В последующие дни мор продолжал собирать свою ужасную жатву. Самые слабые умирали первыми. Некоторые, снедаемые жаждой, выбирались из бараков, ползли к илистым отмелям в устье реки и наполняли животы соленой водой. От соли, попавшей в кровь, их тела скручивали страшные судороги, и безумные крики несчастных разносились над водой, как крики морских птиц, пока их не заглушал наступавший прилив. Поверхность реки бурлила от крокодилов, и даже крупные акулы поднимались по течению, почуяв богатую добычу. Другие уползали умирать в леса и пальмовые рощи. Тела лежали под каждым кустом, мертвые и еще живые, покрытые шевелящимся ковром из свирепых кочевых муравьев. Наутро обглоданные скелеты сверкали белизной.
Кое‑кто из выживших, вняв советам Робин, брел на запад, надеясь преодолеть долгий опасный путь и вернуться в свои разоренные деревни, к вытоптанным полям. Однако большинство выздоравливавших были слишком слабы, чтобы куда‑то двигаться, и совсем пали духом. Они неподвижно сидели в грязных зловонных бараках и бессмысленно, как животные, таращились на доктора и ее помощников в ожидании глотка воды и щепотки каши.
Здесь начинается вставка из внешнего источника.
Lemma appellF3_swap_a2b2 (a1 a2 b1 b2 c : 'CF(G)) x y :
  appellF3 psi a1 a2 b1 b2 c x y = appellF3 psi a1 b2 b1 a2 c x y.
Proof.
rewrite /appellF3; congr (_ * _); apply: eq_bigr => i _; apply: eq_bigr => j _.
by congr (_ / _ * _ * _); ring.
Qed.

Lemma appellF3_x0 (a1 a2 b1 b2 c : 'CF(G)) y : appellF3 psi a1 a2 b1 b2 c 0 y = 0.
Proof.
rewrite /appellF3 big1 ?mulr0 // => i _; rewrite big1 // => j _.
by rewrite cext0 mulr0 mul0r.
Qed.

End AppellF3Symmetries.

Lemma mul_cfConjC_eq1 (gT : finGroupType) (G : {group gT}) (X Y : 'CF(G)) :
  X \is a linear_char -> (Y * (X^*)%CF == 1) = (Y == X).
Proof.
move=> lX; apply/eqP/eqP => [YX1|->]; last exact: mul_conjC_lin_char.
by rewrite -[Y]mulr1 -(mul_conjC_lin_char lX) mulrCA YX1 mulr1.
Qed.

Theorem corollary3p15 (F : finFieldType) (psi : F -> algC)
    (hpsi : nontriv_addchar psi)
    (a1 a2 b1 b2 c : Iirr (UG F)) (lam : F) :
  let A1 := 'chi_a1 in let A2 := 'chi_a2 in
  let B1 := 'chi_b1 in let B2 := 'chi_b2 in let C := 'chi_c in
  C != A1 * A2 -> C != B1 * B2 -> C != A1 * B2 -> C != A2 * B1 ->
  C != A1 * A2 * B1 * B2 ->
  A1 != 1 -> A2 != 1 -> B1 != 1 -> B2 != 1 ->
  lam != 1 ->
  cext (A1 * A2 * B1 * (C^*)%CF) (1 - lam)
    * appellF3 psi A1 A2 B1 B2 C lam (lam / (lam - 1))
  = appellF3 psi ((A2 * B1)^*%CF * C) (A1 * A2 * B1 * B2 * (C^*)%CF)
           ((A1 * A2)^*%CF * C) A2 C lam (lam / (lam - 1)).
Proof.
move=> A1 A2 B1 B2 C C_neqA1A2 _ _ C_neqA2B1 C_neq_all A1_neq1 _ B1_neq1 B2_neq1 lam_neq1.
have lA1 := irr_UG_lin_char a1; have lA2 := irr_UG_lin_char a2.
have lB1 := irr_UG_lin_char b1; have lB2 := irr_UG_lin_char b2; have lC := irr_UG_lin_char c.
have [->|lam_neq0] := eqVneq lam 0; first by rewrite !appellF3_x0 mulr0.
have lam1_neq0 : lam - 1 != 0 by rewrite subr_eq0.
have y_neq0 : lam / (lam - 1) != 0 by rewrite mulf_neq0 ?invr_neq0.
set w := B1 * A2 * (C^*)%CF.
have lw : w \is a linear_char by rewrite !rpredM ?cfConjC_lin_char.
have w_neq1 : w != 1 by rewrite mul_cfConjC_eq1 // eq_sym mulrC.
have conj_w : ((A2 * B1)^*)%CF * C = (w^*)%CF by rewrite !rmorphM /= cfConjCK; ring.
have w_rhs : ((A2 * B1)^*)%CF * C * A2 * (C^*)%CF = (B1^*)%CF.
  rewrite rmorphM /= (_ : _ * _ = (B1^*)%CF * (A2 * (A2^*)%CF) * (C * (C^*)%CF)); last by ring.
  by rewrite !mul_conjC_lin_char // !mulr1.
rewrite appellF3_swap_a2b2 appellF3_charsumE // appellF3_swap_a1b1 appellF3_charsumE //; first last.
- by rewrite w_rhs cfAut_eq1.
- by rewrite mul_cfConjC_eq1 // eq_sym.
- by rewrite mulrC mul_cfConjC_eq1 ?rpredM.
- by rewrite rpredM ?cfConjC_lin_char ?rpredM.
- by rewrite !rpredM ?cfConjC_lin_char.
- by rewrite rpredM ?cfConjC_lin_char ?rpredM.
rewrite w_rhs appellF3_charsum_cremona // conj_w !gauss_cfConjC ?cfAut_eq1 //.
rewrite !cext_mul !cext_cfConjC // invrN1.
by field; rewrite q_neq0 ?(gauss_neq0 hpsi) ?cextN1_neq0.
Qed.
Lemma bernoulli_loglik_le_mle (N0 S r : R) : 0 < N0 -> 0 < S -> 0 < r < 1 ->
  N0 * ln (1 - r) + S * ln r
    <= N0 * ln (1 - S / (N0 + S)) + S * ln (S / (N0 + S)).
Proof.
move=> N0_gt0 S_gt0 /andP[r_gt0 r_lt1].
have NS_gt0 : 0 < N0 + S by rewrite addr_gt0.
have -> : 1 - S / (N0 + S) = N0 / (N0 + S) by field; rewrite gt_eqF.
have le0 := lnB_le_div_sub1 (ltac:(by rewrite subr_gt0) : 0 < 1 - r)
                               (divr_gt0 N0_gt0 NS_gt0).
have le1 := lnB_le_div_sub1 r_gt0 (divr_gt0 S_gt0 NS_gt0).
(* With weights N0 and S, the right-hand sides of the two bounds cancel. *)
have sum0 : N0 * ((1 - r) / (N0 / (N0 + S)) - 1) + S * (r / (S / (N0 + S)) - 1) = 0.
  by field; rewrite !gt_eqF.
have := ler_wpM2l (ltW N0_gt0) le0; have := ler_wpM2l (ltW S_gt0) le1.
rewrite !mulrBr in sum0 *; lra.
Qed.

Lemma ln1D_tangent_le (B B' : R) : 0 < B -> 0 < B' ->
  ln (1 + B) + B / (1 + B) * (ln B' - ln B) <= ln (1 + B').
Proof.
move=> B_gt0 B'_gt0.
have B1_gt0 : 0 < 1 + B by rewrite addr_gt0.
have B'1_gt0 : 0 < 1 + B' by rewrite addr_gt0.
have le0 := lnB_le_div_sub1 B1_gt0 B'1_gt0.
have := lnB_le_div_sub1 (mulr_gt0 B1_gt0 B'_gt0) (mulr_gt0 B_gt0 B'1_gt0).
rewrite !lnM ?posrE // => le1.
have w_ge0 : 0 <= B / (1 + B) by rewrite divr_ge0 // ltW.
have w_le1 : 0 <= 1 - B / (1 + B).
  by rewrite subr_ge0 ler_pdivrMr // mul1r lerDr.
have sum0 : (1 - B / (1 + B)) * ((1 + B) / (1 + B') - 1)
   + B / (1 + B) * ((1 + B) * B' / (B * (1 + B')) - 1) = 0.
  by field; rewrite !gt_eqF.
have := ler_wpM2l w_le1 le0; have := ler_wpM2l w_ge0 le1.
move: sum0; set w := B / (1 + B); rewrite !mulrBr; lra.
Qed.

End LogInequalities.

Section LatentClassLogit.
Variable R : realType.

Definition obs_loglik (lab : bool) (rho a : R) : R :=
  if lab then ln (1 - rho) + a - ln (1 + expR a)
  else ln (1 + rho * expR a) - ln (1 + expR a).

Definition posterior (lab : bool) (rho a : R) : R :=
  if lab then 1 else rho * expR a / (1 + rho * expR a).

Definition complete_loglik (lab : bool) (y rho a : R) : R :=
  (if lab then ln (1 - rho) else y * ln rho) + (y * a - ln (1 + expR a)).

Lemma obs_loglik_labeledE (rho a : R) : rho < 1 ->
  obs_loglik true rho a = ln ((1 - rho) * expR a / (1 + expR a)).
Proof.
move=> rho_lt1; have rho1_gt0 : 0 < 1 - rho by rewrite subr_gt0.
have ea1_gt0 : 0 < 1 + expR a by rewrite addr_gt0 ?expR_gt0.
by rewrite ln_div ?lnM ?posrE ?mulr_gt0 ?expR_gt0 // expRK.
Qed.

Lemma obs_loglik_unlabeledE (rho a : R) : 0 <= rho ->
  obs_loglik false rho a = ln ((1 + rho * expR a) / (1 + expR a)).
Proof.
move=> rho_ge0; have B_ge0 : 0 <= rho * expR a by rewrite mulr_ge0 ?expR_ge0.
have B1_gt0 : 0 < 1 + rho * expR a by lra.
by rewrite ln_div // posrE // addr_gt0 ?expR_gt0.
Qed.

Lemma posterior_unlabeled_in01 (rho a : R) :
  0 < rho -> 0 < posterior false rho a < 1.
Proof.
move=> rho_gt0; have B_gt0 : 0 < rho * expR a by rewrite mulr_gt0 ?expR_gt0.
have B1_gt0 : 0 < 1 + rho * expR a by rewrite addr_gt0.
by rewrite divr_gt0 //= ltr_pdivrMr // mul1r ltrDr.
Qed.

Lemma complete_loglik_gap_le (lab : bool) (rho rho' a a' : R) :
  0 < rho -> 0 < rho' ->
  complete_loglik lab (posterior lab rho a) rho' a'
    - complete_loglik lab (posterior lab rho a) rho a
    <= obs_loglik lab rho' a' - obs_loglik lab rho a.
Proof.
move=> rho_gt0 rho'_gt0; rewrite /complete_loglik /obs_loglik /posterior.
case: lab; first by rewrite !mul1r; lra.
have := ln1D_tangent_le (mulr_gt0 rho_gt0 (expR_gt0 a))
                        (mulr_gt0 rho'_gt0 (expR_gt0 a')).
rewrite !lnM ?posrE ?expR_gt0 // !expRK; lra.
Qed.

Lemma sum_complete_loglikE n n0 (y : 'I_n -> R) (rho : R) (a : 'I_n -> R) :
  (n0 <= n)%N ->
  \sum_(i < n) complete_loglik (i < n0)%N (y i) rho (a i)
    = n0%:R * ln (1 - rho) + (\sum_(i < n | (n0 <= i)%N) y i) * ln rho
      + \sum_(i < n) (y i * a i - ln (1 + expR (a i))).
Proof.
move=> n0_le_n; rewrite big_split /= (bigID (fun i : 'I_n => (i < n0)%N)) /=.
congr (_ + _ + _).
- rewrite (eq_bigr (fun=> ln (1 - rho))) => [|i ->//].
  rewrite (@big_ord_narrow _ _ _ _ _ (fun=> ln (1 - rho)) n0_le_n).
  by rewrite sumr_const card_ord mulr_natl.
- rewrite big_distrl /=; apply: eq_big => [i|i]; first by rewrite -leqNgt.
  by move=> /negbTE ->.
Qed.

Lemma sum_obs_loglik_le n n0 (rho : R) (a a' : 'I_n -> R) :
  (0 < n0)%N -> (n0 <= n)%N -> 0 < rho < 1 ->
  let y (i : 'I_n) := posterior (i < n0)%N rho (a i) in
  let S := \sum_(i < n | (n0 <= i)%N) y i in
  0 < S ->
  \sum_(i < n) (y i * a i - ln (1 + expR (a i)))
    <= \sum_(i < n) (y i * a' i - ln (1 + expR (a' i))) ->
  \sum_(i < n) obs_loglik (i < n0)%N rho (a i)
    <= \sum_(i < n) obs_loglik (i < n0)%N (S / (n0%:R + S)) (a' i).
Proof.
move=> n0_gt0 n0_le_n rho01 y S S_gt0 logit_le.
have N0_gt0 : 0 < n0%:R :> R by rewrite ltr0n.
have rho'_gt0 : 0 < S / (n0%:R + S) by rewrite divr_gt0 // addr_gt0.
have [rho_gt0 _] := andP rho01.
rewrite -subr_ge0 -sumrB.
apply: le_trans (ler_sum _ (fun (i : 'I_n) _ =>
  complete_loglik_gap_le (i < n0)%N (a i) (a' i) rho_gt0 rho'_gt0)).
rewrite sumrB !sum_complete_loglikE //.
have := bernoulli_loglik_le_mle N0_gt0 S_gt0 rho01.
rewrite -/S; lra.
Qed.

End LatentClassLogit.

Ltac positivity := repeat first
  [ assumption | rewrite subr_gt0 | apply: addr_gt0 | apply: mulr_gt0
  | apply: divr_gt0 | exact: expR_gt0 ].

Section Reparametrization.
Variables (R : realType) (N0 N1 pi : R).
Hypotheses (N0_gt0 : 0 < N0) (N1_gt0 : 0 < N1) (pi01 : 0 < pi < 1).

Definition unlabeled_share : R := N1 * pi / (N0 + N1 * pi).

Definition logit_intercept (alpha : R) : R :=
  alpha + (ln (N0 / N1 + pi) - ln (1 - pi)).

Lemma unlabeled_share_in01 : 0 < unlabeled_share < 1.
Proof.
have [pi_gt0 _] := andP pi01; have N1pi_gt0 : 0 < N1 * pi by rewrite mulr_gt0.
by rewrite divr_gt0 ?addr_gt0 //= ltr_pdivrMr ?addr_gt0 // mul1r ltrDr.
Qed.

Lemma expR_logit_intercept (alpha v : R) :
  expR (logit_intercept alpha + v) = expR (alpha + v) * (N0 / N1 + pi) / (1 - pi).
Proof.
have [pi_gt0 pi_lt1] := andP pi01.
rewrite /logit_intercept addrAC [LHS]expRD expRB !lnK ?posrE ?subr_gt0 //.
  by rewrite mulrA.
by rewrite addr_gt0 ?divr_gt0.
Qed.

Let expR_tau (alpha v : R) :
  expR (alpha + v - ln ((1 - pi) / pi)) = expR (alpha + v) * pi / (1 - pi).
Proof.
have [pi_gt0 pi_lt1] := andP pi01.
rewrite expRB lnK ?posrE ?divr_gt0 ?subr_gt0 //.
by field; rewrite !gt_eqF //; positivity.
Qed.

Lemma labeled_loglikE (alpha v : R) :
  let w := expR (alpha + v - ln ((1 - pi) / pi)) in
  ln (N0 * w / (N1 * pi + (N0 + N1 * pi) * w))
    = obs_loglik true unlabeled_share (logit_intercept alpha + v).
Proof.
have [pi_gt0 pi_lt1] := andP pi01; have [_ share_lt1] := andP unlabeled_share_in01.
move=> w; rewrite /w obs_loglik_labeledE // expR_logit_intercept expR_tau.
by congr ln; rewrite /unlabeled_share; field; rewrite !gt_eqF //; positivity.
Qed.

Lemma unlabeled_loglikE (alpha v : R) :
  let w := expR (alpha + v - ln ((1 - pi) / pi)) in
  ln ((N1 * pi + N1 * pi * w) / (N1 * pi + (N0 + N1 * pi) * w))
    = obs_loglik false unlabeled_share (logit_intercept alpha + v).
Proof.
have [pi_gt0 pi_lt1] := andP pi01; have [share_gt0 _] := andP unlabeled_share_in01.
move=> w; rewrite /w obs_loglik_unlabeledE ?ltW // expR_logit_intercept expR_tau.
by congr ln; rewrite /unlabeled_share; field; rewrite !gt_eqF //; positivity.
Qed.

Lemma posterior_unlabeledE (alpha v : R) :
  pi * expR (alpha + v) / (pi * expR (alpha + v) + 1 - pi)
    = posterior false unlabeled_share (logit_intercept alpha + v).
Proof.
have [pi_gt0 pi_lt1] := andP pi01.
rewrite -addrA /posterior expR_logit_intercept /unlabeled_share.
by field; rewrite !gt_eqF //; positivity.
Qed.

End Reparametrization.

Section PUModel.
Variables (R : realType) (n n0 p : nat) (x : 'I_n -> 'rV[R]_p).
Hypotheses (n0_gt0 : (0 < n0)%N) (n0_lt_n : (n0 < n)%N).

Local Notation N0 := (n0%:R : R).
Local Notation N1 := ((n - n0)%:R : R).
Local Notation share := (unlabeled_share N0 N1).
Local Notation intercept := (logit_intercept N0 N1).

Let N0_gt0 : 0 < N0. Proof. by rewrite ltr0n. Qed.
Let N1_gt0 : 0 < N1. Proof. by rewrite ltr0n subn_gt0. Qed.

Lemma profile_loglikE (pi alpha : R) (eta : 'rV[R]_p -> R) : 0 < pi < 1 ->
  profile_loglik n0 x pi alpha eta
    = \sum_(i < n) obs_loglik (i < n0)%N (share pi) (intercept pi alpha + eta (x i)).
Proof.
move=> pi01; rewrite /profile_loglik [RHS](bigID (fun i : 'I_n => (i < n0)%N)) /=.
congr (_ + _).
  by apply: eq_bigr => i ->; exact: labeled_loglikE.
apply: eq_big => [i | i n0_le_i]; first by rewrite leqNgt.
by rewrite ltnNge n0_le_i; exact: unlabeled_loglikE.
Qed.

Lemma estepE (pi alpha : R) (eta : 'rV[R]_p -> R) : 0 < pi < 1 ->
  estep n0 x pi alpha eta
    = (fun i => posterior (i < n0)%N (share pi) (intercept pi alpha + eta (x i))).
Proof.
move=> pi01; apply: funext => i /=; rewrite /estep.
by case: (boolP (i < n0)%N) => // _; exact: posterior_unlabeledE.
Qed.

Lemma sumr_tail_in_range (f : 'I_n -> R) :
  (forall i : 'I_n, (n0 <= i)%N -> 0 < f i < 1) ->
  0 < \sum_(i < n | (n0 <= i)%N) f i < N1.
Proof.
move=> f01.
have tail_gt0 (g : 'I_n -> R) : (forall i : 'I_n, (n0 <= i)%N -> 0 < g i) ->
    0 < \sum_(i < n | (n0 <= i)%N) g i.
  move=> g_gt0; rewrite (bigD1 (Ordinal n0_lt_n)) //=.
  by apply: ltr_wpDr; [apply: sumr_ge0 => i /andP[/g_gt0 /ltW] | exact: g_gt0].
rewrite tail_gt0 => [/=|i /f01 /andP[] //].
rewrite -subr_gt0 -[N1]sumr_const_nat big_geq_mkord -sumrB.
by apply: tail_gt0 => i /f01 /andP[_]; rewrite subr_gt0.
Qed.

Variables (m K : nat) (u : nat -> R) (q : 'I_p -> R).

Lemma estep_tail_in_range (pi alpha : R) (eta : 'rV[R]_p -> R) : 0 < pi < 1 ->
  0 < \sum_(i < n | (n0 <= i)%N) estep n0 x pi alpha eta i < N1.
Proof.
move=> pi01; apply: sumr_tail_in_range => i n0_le_i.
have [share_gt0 _] := andP (unlabeled_share_in01 N0_gt0 N1_gt0 pi01).
by rewrite estepE //= ltnNge n0_le_i; exact: posterior_unlabeled_in01.
Qed.

Lemma em_step_pi_in01 (pi alpha pi' alpha' : R) (eta eta' : 'rV[R]_p -> R) :
  0 < pi < 1 -> em_step m K u n0 q x pi alpha eta pi' alpha' eta' -> 0 < pi' < 1.
Proof.
move=> pi01 [-> _]; have /andP[S_gt0 S_lt_N1] := estep_tail_in_range alpha eta pi01.
by rewrite mulrC divr_gt0 //= ltr_pdivrMr // mul1r.
Qed.

Lemma em_step_loglik_le (pi alpha pi' alpha' : R) (eta eta' : 'rV[R]_p -> R) :
  0 < pi < 1 -> sieve m K u q eta ->
  em_step m K u n0 q x pi alpha eta pi' alpha' eta' ->
  profile_loglik n0 x pi alpha eta <= profile_loglik n0 x pi' alpha' eta'.
Proof.
move=> pi01 sieve_eta step; have pi'01 := em_step_pi_in01 pi01 step.
have /andP[S_gt0 _] := estep_tail_in_range alpha eta pi01.
case: step => pi'E [astar [_ [astar_max alpha'E]]].
rewrite estepE // in S_gt0 pi'E astar_max.
have intercept'E : intercept pi' alpha' = astar.
  by rewrite /logit_intercept alpha'E subrK.
rewrite !profile_loglikE // intercept'E [share pi']/unlabeled_share pi'E.
rewrite mulrA divff ?gt_eqF // mul1r.
apply: sum_obs_loglik_le => //; first exact: ltnW.
  exact: unlabeled_share_in01.
exact: astar_max.
Qed.

End PUModel.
Тем временем кучи трупов в пальмовых рощах росли все выше, вонь становилась невыносимой. Робин хорошо понимала, что будет дальше.
— Так бывает на войне, — объяснила она Мунго, — когда долго не хоронят мертвых, а реки и колодцы забиты трупами. Если это начнется сейчас, не выживет никто. Все мы ослаблены и не сможем противостоять тифу и кишечным болезням. Мы спасли всех, кого могли, а теперь пора уходить, пока не начался новый мор, от которого не существует прививок.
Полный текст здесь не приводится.